ABOUT THIS EXERCISE |
From the data below, please reproduce exactly everything from the line that contains "move=> x_lt_K r_eq" down to the line that contains "set X := (_ + c).-1;", with both ends included.
------------------------------------------------------------------------
(* Let $v\in\mathbb{N}$ and let $S,S'\subset\mathbb{N}_0$ be finite sets of consecutive integers with $S'>S$ and $d(S,S')=1$. (a) $S$ is down-admissible for $v$ and $S'$ is down-admissible for $v[S]$ if and only if $S'$ is down-admissible for $v$ and $S$ is up-admissible for $v[S']$. In this case $v[S][S']=v[S'](S)$. (b) $S'$ is up-admissible for $v$ and $S$ is up-admissible for $v(S')$ if and only if $S$ is down-admissible for $v$ and $S'$ is up-admissible for $v[S]$. In this case $v(S')(S)=v[S](S')$.
   Context: Fix a prime $p$; $\mathbb{N}=\{1,2,\dots\}$, $\mathbb{N}_0=\mathbb{N}\cup\{0\}$. For $v\in\mathbb{N}$ write $v=\sum_{i=0}^{j}a_ip^i$ with $0\le a_i\le p-1$, $a_j\ne0$, and $a_i=0$ for $i>j$ (the digits of $v$). A finite $S\subset\mathbb{N}_0$ splits uniquely into maximal subsets of consecutive integers (blocks). $S$ is down-admissible for $v$ if (d1) $a_{\min B}\ne0$ for every block $B$ of $S$ and (d2) $s\in S$, $a_{s+1}=0$ imply $s+1\in S$; then $v[S]:=\sum_i\epsilon_ia_ip^i$ with $\epsilon_i=-1$ for $i\in S$ and $\epsilon_i=1$ otherwise. $S$ is up-admissible for $v$ if (u1) $a_{\min B}\ne0$ for every block $B$ of $S$ and (u2) $s\in S$, $a_{s+1}=p-1$ imply $s+1\in S$; then $v(S):=\sum_ka'_kp^k$ with $a'_k=-a_k$ for $k\in S$, $a'_k=a_k+2$ for $k\notin S$, $k-1\in S$, and $a'_k=a_k$ otherwise. Admissibility for $v[S]$, $v(S)$ etc. refers to the $p$-adic digits of these numbers. $d(A,B)=\min\{|a-b|:a\in A,b\in B\}$; $S'>S$ means every element of $S'$ exceeds every element of $S$. *)

From HB Require Import structures.
From mathcomp Require Import all_boot all_order all_algebra.
From mathcomp Require Import finmap.
Set Implicit Arguments. Unset Strict Implicit. Unset Printing Implicit Defensive.
Import Order.TTheory GRing.Theory Num.Theory.
Local Open Scope fset_scope.

(* i-th p-adic digit of an integer w (used for w > 0; for w >= 1 these are
   exactly the digits a_i of the paper, with a_i = 0 beyond the top digit). *)
Definition digit (p : nat) (w : int) (i : nat) : nat :=
  ((absz w %/ p ^ i) %% p)%N.

Definition block_min (S : {fset nat}) (i : nat) : bool :=
  (i \in S) && ((i == 0%N) || (i.-1 \notin S)).

Definition down_adm (p : nat) (w : int) (S : {fset nat}) : Prop :=
  (forall i, block_min S i -> digit p w i != 0%N) /\
  (forall s, s \in S -> digit p w s.+1 = 0%N -> s.+1 \in S).

Definition up_adm (p : nat) (w : int) (S : {fset nat}) : Prop :=
  (forall i, block_min S i -> digit p w i != 0%N) /\
  (forall s, s \in S -> digit p w s.+1 = p.-1 -> s.+1 \in S).

(* a range of indices large enough to contain every index where the digits
   of w, or the modified digits, can be nonzero *)
Definition bound (w : int) (S : {fset nat}) : nat :=
  (absz w + \max_(i <- S) i + 2)%N.

Local Open Scope ring_scope.

Definition vdown (p : nat) (w : int) (S : {fset nat}) : int :=
  \sum_(i < bound w S)
     (if (i : nat) \in S then -1 else 1) * (digit p w i)%:Z * (p ^ i)%:Z.

Definition updigit (p : nat) (w : int) (S : {fset nat}) (k : nat) : int :=
  if k \in S then - (digit p w k)%:Z
  else if (0 < k)%N && (k.-1 \in S) then (digit p w k)%:Z + 2
  else (digit p w k)%:Z.

Definition vup (p : nat) (w : int) (S : {fset nat}) : int :=
  \sum_(k < bound w S) updigit p w S k * (p ^ k)%:Z.

Definition consecutive (S : {fset nat}) : Prop :=
  forall i j k, i \in S -> k \in S -> (i <= j <= k)%N -> j \in S.

Definition fset_gt (S' S : {fset nat}) : Prop :=
  forall a b, a \in S -> b \in S' -> (a < b)%N.

Definition dist_one (S S' : {fset nat}) : Prop :=
  (exists a b, [/\ a \in S, b \in S' & `|(a%:Z - b%:Z)| = 1]) /\
  (forall a b, a \in S -> b \in S' -> 1 <= `|(a%:Z - b%:Z)|).

From HB Require Import structures.
From mathcomp Require Import all_boot all_order all_algebra.
From mathcomp Require Import finmap.
From mathcomp Require Import zify ring.
Import Order.TTheory GRing.Theory Num.Theory.

Set Implicit Arguments.
Unset Strict Implicit.
Unset Printing Implicit Defensive.

(* For a block S = [s, m] of consecutive indices, v[S] = v - 2 (v mod p^(m+1) - v mod p^s)
   and v(S) = v[S] + 2 p^(m+1), while down- (resp. up-) admissibility of S only asks
   a_s != 0 and a_(m+1) != 0 (resp. a_(m+1) != p - 1).  When a_s != 0, v[S] and v(S) are
   obtained from v by complementing the digits of the block, a_s becoming p - a_s, and by
   lowering (resp. raising) a_(m+1) by one; no other digit moves.  For S = [s, a] and
   S' = [a+1, M] each of the four conjunctions of the statement thus reduces to
   a_s != 0, a_(a+1) >= 2 and a_(M+1) != 0 in (a), resp. a_(M+1) != p - 1 in (b), and
   the two sides of the identity in (a) both equal
   v - 2 (v mod p^(M+1) - v mod p^s) + 2 p^(a+1), those of (b) this plus 2 p^(M+1). *)

Section Digits.
Variable p : nat.

Lemma digit_nat (w i : nat) : digit p w i = w %/ p ^ i %% p.
Proof. by []. Qed.

Lemma modn_expS (w k : nat) : w %% p ^ k.+1 = w %% p ^ k + digit p w k * p ^ k.
Proof.
rewrite digit_nat modn_divl -expnS {1}(divn_eq (w %% p ^ k.+1) (p ^ k)) addnC.
by rewrite (modn_dvdm _ (dvdn_exp2l p (leqnSn k))).
Qed.

Lemma sum_digits (w k : nat) :
  (\sum_(i < k) (digit p w i * p ^ i)%N%:Z = (w %% p ^ k)%N%:Z)%R.
Proof.
elim: k => [|k IHk]; first by rewrite big_ord0 expn0 modn1.
by rewrite big_ord_recr /= IHk modn_expS PoszD.
Qed.

Lemma divn_exp_ge (x y k K : nat) : x %/ p ^ k = y %/ p ^ k -> k <= K ->
  x %/ p ^ K = y %/ p ^ K.
Proof.
move=> exy /subnKC <-.
by rewrite expnD divnMA exy -divnMA.
Qed.

Lemma digit_eq_high (x y k i : nat) : x %/ p ^ k = y %/ p ^ k -> k <= i ->
  digit p x i = digit p y i.
Proof. by move=> exy ki; rewrite !digit_nat (divn_exp_ge exy ki). Qed.

Lemma digit_eq_low (x y k i : nat) : x %% p ^ k = y %% p ^ k -> i < k ->
  digit p x i = digit p y i.
Proof.
move=> exy ik; have dvd_pk := dvdn_exp2l p ik.
rewrite !digit_nat !modn_divl -expnS.
by rewrite -(modn_dvdm x dvd_pk) -(modn_dvdm y dvd_pk) exy.
Qed.

Lemma predD_divn_eq (q c : nat) : 0 < q %% p + c ->
  (q + c).-1 = q %/ p * p + (q %% p + c).-1.
Proof.
move=> qc_gt0; rewrite {1}(divn_eq q p) -addnA.
by move: qc_gt0; case: (_ + c) => // n _; rewrite addnS.
Qed.

End Digits.

Lemma ltn_subMD (K x P l : nat) : 0 < x -> x <= K -> l < P -> (K - x) * P + l < K * P.
Proof.
move=> x_gt0 x_le_K l_lt_P; apply: (@leq_trans ((K - x).+1 * P)).
  by rewrite mulSn [P + _]addnC ltn_add2l.
by rewrite leq_mul2r; apply/orP; right; lia.
Qed.

(* w - 2 (w mod p^(m+1) - w mod p^s) + c p^(m+1) written as a natural number: it is
   w[S] for c = 0 and w(S) for c = 2 when S = [s, m].  Both truncated subtractions are
   exact as soon as a_s != 0 and a_(m+1) + c > 0. *)
Definition flip_block (p s m c w : nat) : nat :=
  (w %/ p ^ m.+1 + c).-1 * p ^ m.+1
  + ((p ^ (m.+1 - s) - w %% p ^ m.+1 %/ p ^ s) * p ^ s + w %% p ^ s).

Section Flip.
Variables (p s m c w : nat).
Hypothesis p_gt1 : 1 < p.
Hypothesis s_le_m : s <= m.

Let p_gt0 : 0 < p. Proof. exact: ltnW. Qed.
Let expp_gt0 k : 0 < p ^ k. Proof. by rewrite expn_gt0 p_gt0. Qed.
Let dvdn_block : p %| p ^ (m.+1 - s). Proof. by rewrite dvdn_exp // subn_gt0 ltnS. Qed.

Lemma expn_block : p ^ m.+1 = p ^ (m.+1 - s) * p ^ s.
Proof. by rewrite -expnD subnK // leqW. Qed.

Lemma modn_block : w %% p ^ m.+1 = w %% p ^ m.+1 %/ p ^ s * p ^ s + w %% p ^ s.
Proof.
by rewrite {1}(divn_eq (w %% p ^ m.+1) (p ^ s)) (modn_dvdm _ (dvdn_exp2l p (leqW s_le_m))).
Qed.

Lemma block_lt : w %% p ^ m.+1 %/ p ^ s < p ^ (m.+1 - s).
Proof. by rewrite ltn_divLR ?expp_gt0 // -expn_block ltn_pmod ?expp_gt0. Qed.

Lemma block_modp : w %% p ^ m.+1 %/ p ^ s %% p = digit p w s.
Proof.
rewrite divn_modl ?dvdn_exp2l ?leqW // -expnB ?leqW //.
by rewrite (modn_dvdm _ dvdn_block).
Qed.

Lemma flip_blockE : 0 < w %/ p ^ m.+1 + c ->
  ((flip_block p s m c w)%:Z
    = w%:Z - 2 * ((w %% p ^ m.+1)%N%:Z - (w %% p ^ s)%N%:Z) + (c * p ^ m.+1)%N%:Z)%R.
Proof.
move: block_lt modn_block (divn_eq w (p ^ m.+1)).
rewrite /flip_block expn_block.
set q := w %/ _; set x := _ %/ p ^ s; set l := w %% p ^ s; set r := w %% _.
set K := p ^ _; set P := p ^ s.
move=> x_lt_K r_eq w_eq qc_gt0; rewrite {1}w_eq r_eq; clearbody q x l r K P.
nia.
Qed.

Lemma flip_block_modn_low j : j <= s -> flip_block p s m c w %% p ^ j = w %% p ^ j.
Proof.
move=> j_le_s; have dvd_js := dvdn_exp2l p j_le_s.
have dvd_high : p ^ j %| (w %/ p ^ m.+1 + c).-1 * p ^ m.+1
    + (p ^ (m.+1 - s) - w %% p ^ m.+1 %/ p ^ s) * p ^ s.
  by rewrite dvdn_add ?dvdn_mull // (dvdn_trans dvd_js) ?dvdn_exp2l ?leqW.
by rewrite /flip_block addnA -modnDml (eqP dvd_high) add0n (modn_dvdm _ dvd_js).
Qed.

Hypothesis digit_s_neq0 : digit p w s != 0.

Lemma flip_block_low_lt :
  (p ^ (m.+1 - s) - w %% p ^ m.+1 %/ p ^ s) * p ^ s + w %% p ^ s < p ^ m.+1.
Proof.
have x_gt0 : 0 < w %% p ^ m.+1 %/ p ^ s.
  by rewrite lt0n; apply: contra digit_s_neq0 => /eqP x0; rewrite -block_modp x0 mod0n.
by rewrite [X in _ < X]expn_block ltn_subMD ?ltn_pmod ?expp_gt0 // ltnW ?block_lt.
Qed.

Lemma flip_block_divn : flip_block p s m c w %/ p ^ m.+1 = (w %/ p ^ m.+1 + c).-1.
Proof.
by rewrite /flip_block divnMDl ?expp_gt0 // (divn_small flip_block_low_lt) addn0.
Qed.

Lemma flip_block_modn :
  flip_block p s m c w %% p ^ m.+1 + w %% p ^ m.+1 = p ^ m.+1 + 2 * (w %% p ^ s).
Proof.
rewrite /flip_block modnMDl modn_small ?flip_block_low_lt //.
move: (ltnW block_lt) modn_block.
set x := w %% p ^ m.+1 %/ p ^ s; set r := w %% p ^ m.+1; rewrite [p ^ m.+1]expn_block.
clearbody x r => x_le r_eq; rewrite r_eq addnACA -mulnDl subnK //; lia.
Qed.

Lemma digit_flip_block_s : digit p (flip_block p s m c w) s = p - digit p w s.
Proof.
rewrite digit_nat /flip_block -block_modp.
set X := (_ + c).-1; set x := w %% p ^ m.+1 %/ p ^ s; set l := w %% p ^ s.
rewrite expn_block mulnA addnA -mulnDl divnMDl // (divn_small (ltn_pmod _ _)) // addn0.
rewrite -modnDml (eqP (dvdn_mull X dvdn_block)) add0n modnB // ?(ltnW block_lt) //.
by rewrite (eqP dvdn_block) block_modp lt0n digit_s_neq0 mul1n addn0.
Qed.

Hypothesis digit_top_bounds : 0 < digit p w m.+1 + c <= p.

Let top_lt : (digit p w m.+1 + c).-1 < p.
Proof. by case/andP: digit_top_bounds; lia. Qed.

Let divn_top : (w %/ p ^ m.+1 + c).-1 = w %/ p ^ m.+2 * p + (digit p w m.+1 + c).-1.
Proof.
case/andP: digit_top_bounds => qc_gt0 _.
by rewrite (@predD_divn_eq p (w %/ p ^ m.+1) c qc_gt0) [in RHS]expnSr divnMA.
Qed.

Lemma digit_flip_block_top :
  digit p (flip_block p s m c w) m.+1 = (digit p w m.+1 + c).-1.
Proof. by rewrite digit_nat flip_block_divn divn_top modnMDl modn_small. Qed.

Lemma flip_block_divn_high : flip_block p s m c w %/ p ^ m.+2 = w %/ p ^ m.+2.
Proof.
rewrite [in LHS]expnSr divnMA flip_block_divn divn_top divnMDl //.
by rewrite (divn_small top_lt) addn0.
Qed.

End Flip.

Local Open Scope ring_scope.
------------------------------------------------------------------------
WRITTEN SOLUTION |
move=> x_lt_K r_eq w_eq qc_gt0; rewrite {1}w_eq r_eq; clearbody q x l r K P.
nia.
Qed.

Lemma flip_block_modn_low j : j <= s -> flip_block p s m c w %% p ^ j = w %% p ^ j.
Proof.
move=> j_le_s; have dvd_js := dvdn_exp2l p j_le_s.
have dvd_high : p ^ j %| (w %/ p ^ m.+1 + c).-1 * p ^ m.+1
    + (p ^ (m.+1 - s) - w %% p ^ m.+1 %/ p ^ s) * p ^ s.
  by rewrite dvdn_add ?dvdn_mull // (dvdn_trans dvd_js) ?dvdn_exp2l ?leqW.
by rewrite /flip_block addnA -modnDml (eqP dvd_high) add0n (modn_dvdm _ dvd_js).
Qed.

Hypothesis digit_s_neq0 : digit p w s != 0.

Lemma flip_block_low_lt :
  (p ^ (m.+1 - s) - w %% p ^ m.+1 %/ p ^ s) * p ^ s + w %% p ^ s < p ^ m.+1.
Proof.
have x_gt0 : 0 < w %% p ^ m.+1 %/ p ^ s.
  by rewrite lt0n; apply: contra digit_s_neq0 => /eqP x0; rewrite -block_modp x0 mod0n.
by rewrite [X in _ < X]expn_block ltn_subMD ?ltn_pmod ?expp_gt0 // ltnW ?block_lt.
Qed.

Lemma flip_block_divn : flip_block p s m c w %/ p ^ m.+1 = (w %/ p ^ m.+1 + c).-1.
Proof.
by rewrite /flip_block divnMDl ?expp_gt0 // (divn_small flip_block_low_lt) addn0.
Qed.

Lemma flip_block_modn :
  flip_block p s m c w %% p ^ m.+1 + w %% p ^ m.+1 = p ^ m.+1 + 2 * (w %% p ^ s).
Proof.
rewrite /flip_block modnMDl modn_small ?flip_block_low_lt //.
move: (ltnW block_lt) modn_block.
set x := w %% p ^ m.+1 %/ p ^ s; set r := w %% p ^ m.+1; rewrite [p ^ m.+1]expn_block.
clearbody x r => x_le r_eq; rewrite r_eq addnACA -mulnDl subnK //; lia.
Qed.

Lemma digit_flip_block_s : digit p (flip_block p s m c w) s = p - digit p w s.
Proof.
rewrite digit_nat /flip_block -block_modp.
set X := (_ + c).-1; set x := w %% p ^ m.+1 %/ p ^ s; set l := w %% p ^ s.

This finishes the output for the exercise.